__Task requirements__:
From the listing below, copy only the lines running from the line that contains "fcost c par (W" to the line that contains "t)) c p.1 p.2.", both included.

__Extracted material__:
(* Let $U^{init}\subseteq C$ be a set of (uncovered) clients and let $F^{init}$ be a minimum-cost spanning forest of the complete graph on $C\cup R$ in which every component contains exactly one vertex of $R\cup(C\setminus U^{init})$, regarded as the root of that component. Apply the Tree Pruning procedure described in the context to each tree of $F^{init}$; let $F'$ be the resulting forest, $U'$ the set of clients that remain uncovered, and $\mathcal T_1,\dots,\mathcal T_m$ all tours output. Then $\sum_{i=1}^m c(\mathcal T_i)\le 2.5\,(c(F^{init})-c(F')) + \frac{1}{\beta}\,(\ell(U^{init})-\ell(U'))$.
   Context: Setting: disjoint finite sets $C$ (clients) and $R$ (depots, nonempty) in a metric space with costs $c$; integer capacity $k\ge 3$; $c(v,R)=\min_{r\in R}c(v,r)>0$ for every client. For a client $v$, $\ell_v=\frac{2}{k}c(v,R)$, and $\ell(S)=\sum_{v\in S}\ell_v$. Constant $\beta = 0.5902302342$. Costs of trees, forests and tours are total edge costs (counting multiplicity). Tree Pruning procedure for a rooted tree $T$ with root $v_T$: maintain the set $U$ of uncovered clients (initially the non-root vertices of $T$). For a vertex $w$, $T_w$ is the subtree rooted at $w$ and $U(T_w)$ its uncovered vertices. Repeat the following iteration as long as it covers some client: let $u$ be any deepest vertex of the current $T$ with $|U(T_u)|>k$, or $u=v_T$ if none exists; let $u_1,u_2,\dots$ be the children of $u$. Grouping: put each $T_{u_i}$ in its own group, then while two groups can be merged so that the merged group has at most $k$ uncovered clients, merge them. For a group $G$, $c(G)$ is the total cost of its subtrees plus the edges joining their roots to $u$, and $U(G)$ the uncovered clients in its subtrees. Tour $\mathcal T(G)$: double all edges of the subtrees of $G$ and their edges to $u$, add two copies of a cheapest edge between a depot $r'$ and a client of $U(G)$, and shortcut the Eulerian tour to visit only $\{r'\}\cup U(G)$. For two distinct groups $G,G'$, let $A$ be the $k-|U(G)|$ clients of $U(G')$ with largest $\ell_v$; tour $\mathcal T(G,G')$: double all edges of subtrees of $G$ and $G'$ and their edges to $u$, add two copies of a cheapest edge between a depot $r'$ and a client of $U(G)\cup A$, shortcut to visit only $\{r'\}\cup U(G)\cup A$. In the iteration: if some group $G_i$ has $c(\mathcal T(G_i))\le 2.5\,c(G_i)+\frac1\beta\ell(U(G_i))$, output $\mathcal T(G_i)$, delete the subtrees of $G_i$ (with their edges to $u$) from $T$, and remove $U(G_i)$ from $U$; else if two distinct groups $G_i,G_j$ satisfy $c(\mathcal T(G_i,G_j))\le 2.5\,c(G_i)+\frac1\beta\ell(U(G_i)\cup A)$ (with $A$ defined from $G=G_i$, $G'=G_j$), output $\mathcal T(G_i,G_j)$, delete only the subtrees of $G_i$ from $T$, and remove $U(G_i)\cup A$ from $U$ (the vertices of $A$ stay in $T$ but are covered). *)

From HB Require Import structures.
From mathcomp Require Import all_boot all_order all_algebra.
Set Implicit Arguments. Unset Strict Implicit. Unset Printing Implicit Defensive.
Import Order.TTheory GRing.Theory Num.Theory.
Local Open Scope ring_scope.

Section Metric.
Variables (V : finType) (K : realFieldType).

Definition metric (c : V -> V -> K) : Prop :=
  [/\ forall x, c x x = 0, forall x y, 0 <= c x y,
      forall x y, c x y = c y x &
      forall x y z, c x z <= c x y + c y z].

(* beta = 0.5902302342 *)
Definition beta : K :=
  (5902%:R * 10%:R ^+ 6 + 302%:R * 10%:R ^+ 3 + 342%:R) / 10%:R ^+ 10.

(* c(v,R) = min_{r in R} c(v,r)  (R is assumed nonempty) *)
Definition distR (c : V -> V -> K) (R : {set V}) (v : V) : K :=
  \big[Num.min/c v (odflt v [pick r in R])]_(r in R) c v r.

Definition ell_v c R (k : nat) (v : V) : K := (2%:R / k%:R) * distR c R v.
Definition ell c R k (S : {set V}) : K := \sum_(v in S) ell_v c R k v.

Definition fcost (c : V -> V -> K) (par : V -> V) (S : {set V}) : K :=
  \sum_(x in S) c x (par x).

(* A spanning forest of the complete graph on W in which every component
   contains exactly one vertex of Rt (its root), given by the parent
   function par (edges {v, par v}, v in W \ Rt). *)
Definition rooted_forest (W Rt : {set V}) (par : V -> V) : Prop :=
  [/\ Rt \subset W,
      forall v, v \in W :\: Rt -> par v \in W &
      forall v, v \in W -> exists n, iter n par v \in Rt].

Definition min_rooted_forest c (W Rt : {set V}) (par : V -> V) : Prop :=
  rooted_forest W Rt par /\
  forall par', rooted_forest W Rt par' ->
    fcost c par (W :\: Rt) <= fcost c par' (W :\: Rt).

(* tours: a tour is a cyclic sequence of vertices *)
Definition tour_cost (c : V -> V -> K) (t : seq V) : K :=
  \sum_(p <- zip t (rot 1 t)) c p.1 p.2.

Definition uedge (e : V * V) : {set V} := [set e.1; e.2].

Definition euler_walk (es : seq (V * V)) (w : seq V) : bool :=
  if w is x0 :: ws then
    (last x0 ws == x0) && perm_eq (map uedge (zip w ws)) (map uedge es)
  else false.

Definition shortcut_of (es : seq (V * V)) (S : {set V}) (t : seq V) : Prop :=
  exists w, euler_walk es w /\ t = undup [seq x <- w | x \in S].

End Metric.

Section Pruning.
Variables (V : finType) (K : realFieldType) (c : V -> V -> K)
  (R : {set V}) (k : nat) (par : V -> V) (Rt : {set V}).

Definition is_anc (x w : V) : bool :=
  [exists n : 'I_#|V|.+1,
     (iter n par x == w) && [forall m : 'I_n, iter m par x \notin Rt]].

(* the current forest has vertex set Al (closed under par) *)
Definition subtree (Al : {set V}) (w : V) : {set V} := [set x in Al | is_anc x w].
Definition depth (x : V) : nat := #|[set y | is_anc x y]|.
Definition children (Al : {set V}) (u : V) : {set V} :=
  [set x in Al | (x \notin Rt) && (par x == u)].
(* vertices of the subtrees of a group G (a set of children of u) *)
Definition verts (Al G : {set V}) : {set V} := \bigcup_(y in G) subtree Al y.
(* c(G): edges of the subtrees of G plus their edges to u *)
Definition costG (Al G : {set V}) : K := fcost c par (verts Al G).

Definition big (Al U : {set V}) (w : V) : bool := (k < #|U :&: subtree Al w|)%N.

Definition choose_u (rho : V) (Al U : {set V}) (u : V) : Prop :=
  (u \in subtree Al rho /\ big Al U u /\
     forall w, w \in subtree Al rho -> big Al U w -> (depth w <= depth u)%N)
  \/ (u = rho /\ forall w, w \in subtree Al rho -> ~~ big Al U w).

Definition merge_step (Al U : {set V}) (P P' : {set {set V}}) : Prop :=
  exists G1 G2, [/\ G1 \in P, G2 \in P, G1 != G2,
    (#|U :&: verts Al (G1 :|: G2)| <= k)%N &
    P' = (P :\ G1 :\ G2) :|: [set G1 :|: G2]].

Inductive merge_reach (Al U : {set V}) : {set {set V}} -> {set {set V}} -> Prop :=
| MR_refl P : merge_reach Al U P P
| MR_step P P1 P2 : merge_step Al U P P1 -> merge_reach Al U P1 P2 ->
                    merge_reach Al U P P2.

Definition grouping (Al U : {set V}) (u : V) (P : {set {set V}}) : Prop :=
  merge_reach Al U [set [set x] | x in children Al u] P /\
  forall G1 G2, G1 \in P -> G2 \in P -> G1 != G2 ->
    (k < #|U :&: verts Al (G1 :|: G2)|)%N.

Definition cheapest (S : {set V}) (r' y : V) : Prop :=
  [/\ r' \in R, y \in S & forall r z, r \in R -> z \in S -> c r' y <= c r z].

Definition dbl_edges (X : {set V}) (r' y : V) : seq (V * V) :=
  let b := [seq (x, par x) | x <- enum X] ++ [:: (r', y)] in b ++ b.

Definition UG (Al U G : {set V}) : {set V} := U :&: verts Al G.

Definition tour_single (Al U G : {set V}) (t : seq V) : Prop :=
  exists r' y, cheapest (UG Al U G) r' y /\
    shortcut_of (dbl_edges (verts Al G) r' y) (r' |: UG Al U G) t.

Definition top_ell (S A : {set V}) (n : nat) : Prop :=
  [/\ A \subset S, #|A| = n &
      forall a b, a \in A -> b \in S :\: A -> ell_v c R k b <= ell_v c R k a].

Definition tour_pair (Al U G G' A : {set V}) (t : seq V) : Prop :=
  exists r' y, cheapest (UG Al U G :|: A) r' y /\
    shortcut_of (dbl_edges (verts Al G :|: verts Al G') r' y)
                (r' |: (UG Al U G :|: A)) t.

Definition condG (Al U G : {set V}) (t : seq V) : Prop :=
  tour_cost c t <= (5%:R / 2%:R) * costG Al G + ell c R k (UG Al U G) / beta K.

Definition condGG (Al U G A : {set V}) (t : seq V) : Prop :=
  tour_cost c t <= (5%:R / 2%:R) * costG Al G
                   + ell c R k (UG Al U G :|: A) / beta K.

Definition state := ({set V} * {set V})%type.  (* (vertices of F, U) *)

(* the choices made in one iteration on the tree rooted at rho:
   u, the grouping P, the tours T(G), the sets A and the tours T(G,G') *)
Definition iter_choice (rho : V) (Al U : {set V}) (u : V) (P : {set {set V}})
  (tG : {set V} -> seq V) (AG : {set V} -> {set V} -> {set V})
  (tGG : {set V} -> {set V} -> seq V) : Prop :=
  [/\ choose_u rho Al U u, grouping Al U u P,
      forall G, G \in P -> UG Al U G != set0 -> tour_single Al U G (tG G) &
      forall G G', G \in P -> G' \in P -> G != G' ->
        top_ell (UG Al U G') (AG G G') (k - #|UG Al U G|)
        /\ tour_pair Al U G G' (AG G G') (tGG G G')].

Definition no_single (Al U : {set V}) (P : {set {set V}}) (tG : {set V} -> seq V) : Prop :=
  forall G, G \in P -> UG Al U G != set0 -> ~ condG Al U G (tG G).
Definition no_pair (Al U : {set V}) (P : {set {set V}}) (AG : {set V} -> {set V} -> {set V})
  (tGG : {set V} -> {set V} -> seq V) : Prop :=
  forall G G', G \in P -> G' \in P -> G != G' ->
    ~ condGG Al U G (AG G G') (tGG G G').

Definition iter_cover (rho : V) (s : state) (out : seq (seq V)) (s' : state)
  : Prop :=
  let: (Al, U) := s in
  exists u P tG AG tGG, iter_choice rho Al U u P tG AG tGG /\
  ((exists G, [/\ G \in P, UG Al U G != set0, condG Al U G (tG G),
                 out = [:: tG G] &
                 s' = (Al :\: verts Al G, U :\: UG Al U G)])
   \/
   (no_single Al U P tG /\
    exists G G', [/\ G \in P, G' \in P, G != G',
                    condGG Al U G (AG G G') (tGG G G') &
                    out = [:: tGG G G'] /\
                    s' = (Al :\: verts Al G, U :\: (UG Al U G :|: AG G G'))])).

Definition iter_stop (rho : V) (s : state) : Prop :=
  let: (Al, U) := s in
  exists u P tG AG tGG, iter_choice rho Al U u P tG AG tGG /\
    no_single Al U P tG /\ no_pair Al U P AG tGG.

Inductive tree_run (rho : V) : state -> seq (seq V) -> state -> Prop :=
| TR_stop s : iter_stop rho s -> tree_run rho s [::] s
| TR_step s out s1 outs s2 : iter_cover rho s out s1 ->
    tree_run rho s1 outs s2 -> tree_run rho s (out ++ outs) s2.

Inductive forest_run : seq V -> state -> seq (seq V) -> state -> Prop :=
| FR_nil s : forest_run [::] s [::] s
| FR_cons rho rs s s1 s2 o1 o2 : tree_run rho s o1 s1 ->
    forest_run rs s1 o2 s2 -> forest_run (rho :: rs) s (o1 ++ o2) s2.

End Pruning.

From HB Require Import structures.
From mathcomp Require Import all_boot all_order all_algebra.
From mathcomp Require Import ring.
Set Implicit Arguments. Unset Strict Implicit. Unset Printing Implicit Defensive.
Import Order.TTheory GRing.Theory Num.Theory.
Local Open Scope ring_scope.

(* Every tour output by an iteration costs at most the drop it causes in the
   potential  5/2 c(F) + ell(U) / beta:  its acceptance test bounds its cost
   by 5/2 c(G) + ell(X) / beta, where G is the group whose subtrees are
   deleted from F and X is the set of clients that become covered (in the
   pair case X = U(G) u A, and A stays in F, so only c(G) leaves c(F)).
   Summing over all iterations of all trees telescopes. *)

Lemma big_setD_sub (T : finType) (M : nmodType) (f : T -> M) (A X : {set T}) :
  X \subset A -> \sum_(x in A) f x = \sum_(x in X) f x + \sum_(x in A :\: X) f x.
Proof. by move=> sXA; rewrite (big_setID X) (setIidPr sXA). Qed.

Lemma le_telescope (M : numDomainType) (a b p0 p1 p2 : M) :
  a <= p0 - p1 -> b <= p1 - p2 -> a + b <= p0 - p2.
Proof.
move=> ha hb; have -> : p0 - p2 = (p0 - p1) + (p1 - p2) by rewrite addrA subrK.
exact: lerD.
Qed.

Section TreePruningPotential.
Variables (V : finType) (K : realFieldType) (c : V -> V -> K)
  (R : {set V}) (k : nat) (par : V -> V) (Rt : {set V}).

Definition potential (s : state V) : K :=
  (5%:R / 2%:R) * fcost c par (s.1 :\: Rt) + ell c R k s.2 / beta K.

Lemma verts_children_sub (Al G : {set V}) (u : V) :
  G \subset children par Rt Al u -> verts par Rt Al G \subset Al :\: Rt.
Proof.
move=> sGch; apply/subsetP => x /bigcupP [y yG].
rewrite inE => /andP [xAl /existsP [[[|n] ltn] /andP [/eqP xy /forallP notR]]].
- have := subsetP sGch y yG; rewrite inE => /and3P [_ yRt _].
  by rewrite inE xAl andbT; move: xy => /= ->.
- by rewrite inE xAl andbT; exact: (notR (Ordinal (ltn0Sn n))).
Qed.

Lemma merge_reach_sub_children (Al U : {set V}) (u : V) (P P' : {set {set V}}) :
  merge_reach k par Rt Al U P P' ->
  {in P, forall G : {set V}, G \subset children par Rt Al u} ->
  {in P', forall G : {set V}, G \subset children par Rt Al u}.
Proof.
elim=> // P0 P1 P2 [G1 [G2 [G1P G2P _ _ ->]]] _ IH sP0; apply: IH => G.
rewrite !inE => /orP [/and3P [_ _ GP0] | /eqP ->]; first exact: sP0.
by rewrite subUset !sP0.
Qed.

Lemma grouping_sub_children (Al U : {set V}) (u : V) (P : {set {set V}}) :
  grouping k par Rt Al U u P ->
  {in P, forall G : {set V}, G \subset children par Rt Al u}.
Proof.
case=> reachP _; apply: (merge_reach_sub_children reachP) => _ /imsetP [x xch ->].
by rewrite sub1set.
Qed.

Lemma potential_remove (Al U G X : {set V}) (u : V) :
  G \subset children par Rt Al u -> X \subset U ->
  potential (Al, U) - potential (Al :\: verts par Rt Al G, U :\: X) =
  (5%:R / 2%:R) * costG c par Rt Al G + ell c R k X / beta K.
Proof.
move=> sGch sXU; rewrite /potential /costG /fcost /ell /=.
have -> : (Al :\: verts par Rt Al G) :\: Rt = (Al :\: Rt) :\: verts par Rt Al G.
  by rewrite setDDl setUC -setDDl.
rewrite (big_setD_sub _ (verts_children_sub sGch)) (big_setD_sub _ sXU).
rewrite !mulrDr !mulrDl; ring.
Qed.

Lemma iter_cover_potential (rho : V) (s s' : state V) (out : seq (seq V)) :
  iter_cover c R k par Rt rho s out s' ->
  \sum_(t <- out) tour_cost c t <= potential s - potential s'.
Proof.
case: s => Al U [u [P [tG [AG [tGG [[_ groupP _ pairP] covered]]]]]].
have sPch := grouping_sub_children groupP.
case: covered => [[G [GP _ accepted -> ->]] | [_ [G [G' [GP G'P neqGG' accepted [-> ->]]]]]].
  by rewrite big_seq1 (potential_remove (sPch G GP)) // subsetIl.
have [[sAUG' _ _] _] := pairP G G' GP G'P neqGG'.
rewrite big_seq1 (potential_remove (sPch G GP)) // subUset subsetIl /=.
exact: subset_trans sAUG' (subsetIl _ _).
Qed.

Lemma tree_run_potential (rho : V) (s s' : state V) (outs : seq (seq V)) :
  tree_run c R k par Rt rho s outs s' ->
  \sum_(t <- outs) tour_cost c t <= potential s - potential s'.
Proof.
elim=> [s0 _ | s0 out s1 outs0 s2 step _ IH]; first by rewrite big_nil subrr.
by rewrite big_cat /=; exact: le_telescope (iter_cover_potential step) IH.
Qed.

Lemma forest_run_potential (rs : seq V) (s s' : state V) (outs : seq (seq V)) :
  forest_run c R k par Rt rs s outs s' ->
  \sum_(t <- outs) tour_cost c t <= potential s - potential s'.
Proof.
elim=> [s0 | rho rs0 s0 s1 s2 o1 o2 run _ IH]; first by rewrite big_nil subrr.
by rewrite big_cat /=; exact: le_telescope (tree_run_potential run) IH.
Qed.

End TreePruningPotential.

Theorem corollary1 (V : finType) (K : realFieldType) (c : V -> V -> K)
  (C R : {set V}) (k : nat) (Uinit : {set V}) (par : V -> V)
  (rs : seq V) (ts : seq (seq V)) (Al' U' : {set V}) :
  metric c -> [disjoint C & R] -> R != set0 -> (3 <= k)%N ->
  (forall v, v \in C -> 0 < distR c R v) ->
  Uinit \subset C ->
  min_rooted_forest c (C :|: R) (R :|: (C :\: Uinit)) par ->
  perm_eq rs (enum (R :|: (C :\: Uinit))) ->
  forest_run c R k par (R :|: (C :\: Uinit)) rs (C :|: R, Uinit) ts (Al', U') ->
  \sum_(t <- ts) tour_cost c t <=
    (5%:R / 2%:R) * (fcost c par ((C :|: R) :\: (R :|: (C :\: Uinit)))
                     - fcost c par (Al' :\: (R :|: (C :\: Uinit))))
    + (ell c R k Uinit - ell c R k U') / beta K.
Proof.
(* The bound uses only the acceptance tests, not the metric or the forest. *)
move=> _ _ _ _ _ _ _ _ run.
apply: (le_trans (forest_run_potential run)).
rewrite /potential /= le_eqVlt; apply/orP; left; apply/eqP; ring.
Qed.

__Written solution__:
    fcost c par (W :\: Rt) <= fcost c par' (W :\: Rt).

(* tours: a tour is a cyclic sequence of vertices *)
Definition tour_cost (c : V -> V -> K) (t : seq V) : K :=
  \sum_(p <- zip t (rot 1 t)) c p.1 p.2.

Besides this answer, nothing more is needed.